Film Review: ‘Spike Island’


It would seem that 2013 is shaping up to be the true second coming of legendary Manchurian outfit The Stone Roses. Following triumphant reunion gigs and an equally lauded documentary, Made of Stone, into the mix comes Roses-tinged teen tribute-cum-standalone rites of passage tale Spike Island (2012). It’s the summer of 1990 and the streets are filled with the sights and sounds of The Stone Roses, in both an aural and visual sense (the band’s Jackson Pollock-inspired, signature abstract paint splashes imaginatively invade the frame). Thus, anticipation is naturally high for six school chums on the cusp of adulthood.

Not only are the boys harbouring plans for pop world domination with their own band, Shadowcaster, but their musical heroes The Stone Roses have a huge outdoor gig planned at Spike Island. The gang are eager to get tickets, although frontman ‘Tits’ is in a quandary about making the date, owing to the fact that his cancer-stricken father is incredibly ill. With his older brother back in town offering the promise of a guest list, Tits and his gang press on with their quest, regardless. While the makers strive for authenticity throughout (writer/co-star Chris Coghill has clearly been exposed to the type of world the characters inhabit), Spike Island struggles at times to escape its low budget, BBC Three teen drama aesthetic.
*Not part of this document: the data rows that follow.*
Lemma gap_lt_incr i z1 z2 : beta < z1 -> 0 <= charsq beta (trA i) z1 -> z1 < z2 ->
  0 < charsq beta (trA i) z2 /\ gap i z1 < gap i z2.
Proof.
move=> hz1 hq hz12; have hb := hb0.
have hq2 := charsq_lt_incr hb0 (le_lt_trans hb0 hz1) (ltW hz1) hz12 hq.
split; first lra.
by rewrite /gap ltrBlDr subrK; apply: psi_lt_incr => //; lra.
Qed.

Lemma gap_pos_up i z1 z2 : beta < z1 -> 0 <= charsq beta (trA i) z1 -> 0 < gap i z1 ->
  z1 <= z2 -> 0 <= charsq beta (trA i) z2 /\ 0 < gap i z2.
Proof.
move=> hz hq he; rewrite le_eqVlt => /orP[/eqP <- // | lt12].
by have [hq2 he2] := gap_lt_incr hz hq lt12; split; lra.
Qed.

Lemma admissible_up z1 z2 : admissible z1 -> z1 <= z2 -> admissible z2.
Proof.
move=> [hz1 hR] h12; split; first lra.
by move=> i; have [hq he] := hR i; exact: gap_pos_up hz1 hq he h12.
Qed.

Lemma Phi_lt_decr z1 z2 : (0 < d)%N -> admissible z1 -> z1 < z2 -> Phi z2 < Phi z1.
Proof.
move=> hd [hz1 hR] h12; apply: ltr_sum.
  by apply/hasP; exists (Ordinal hd); rewrite ?mem_index_enum.
move=> i _; have [hq he] := hR i; have [_ he2] := gap_lt_incr hz1 hq h12.
have hp2 : 0 < etalam i ^+ 2 by rewrite exprn_gt0 ?etalam_gt0.
by rewrite ltr_pM2l // ltf_pV2 // posrE; lra.
Qed.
Director Mat Whitecross does well with a limited budget (the CGI’d aerial shots of the titular gig are pretty impressive) but that dizzying verve and energy he brought to his debut feature Sex & Drugs & Rock & Roll is absent here. All the usual coming of age tropes are present and correct (sibling and parental clashes, awkward teen love triangles, valuable life lessons learnt) but it’s nothing we haven’t seen numerous times before. Overall the performances are decent. Looking for Eric’s Steve Evets is superb as Tits’ deteriorating father, and he dominates the brief scenes he’s in. The younger cast are pretty strong, too, with Game of Thrones star Emilia Clark contributing a nicely underplayed turn as the potential lover interest.

The biggest shame is that the generous number of Roses tracks in the film are rarely used effectively, failing to really breathe life or bring context into the scenes in which they play. Spike Island is a sometimes engaging look at the dreams of youth (a nice transcendental moment sees Tits and his band making beautiful music inside their rundown rehearsal shed) but given that it’s being released so soon after Shane Meadows’ Made of Stone – following a previous stint on the schedule of the now defunct Revolver Entertainment – serves simply as a reminder that the definitive fan film to is already out there.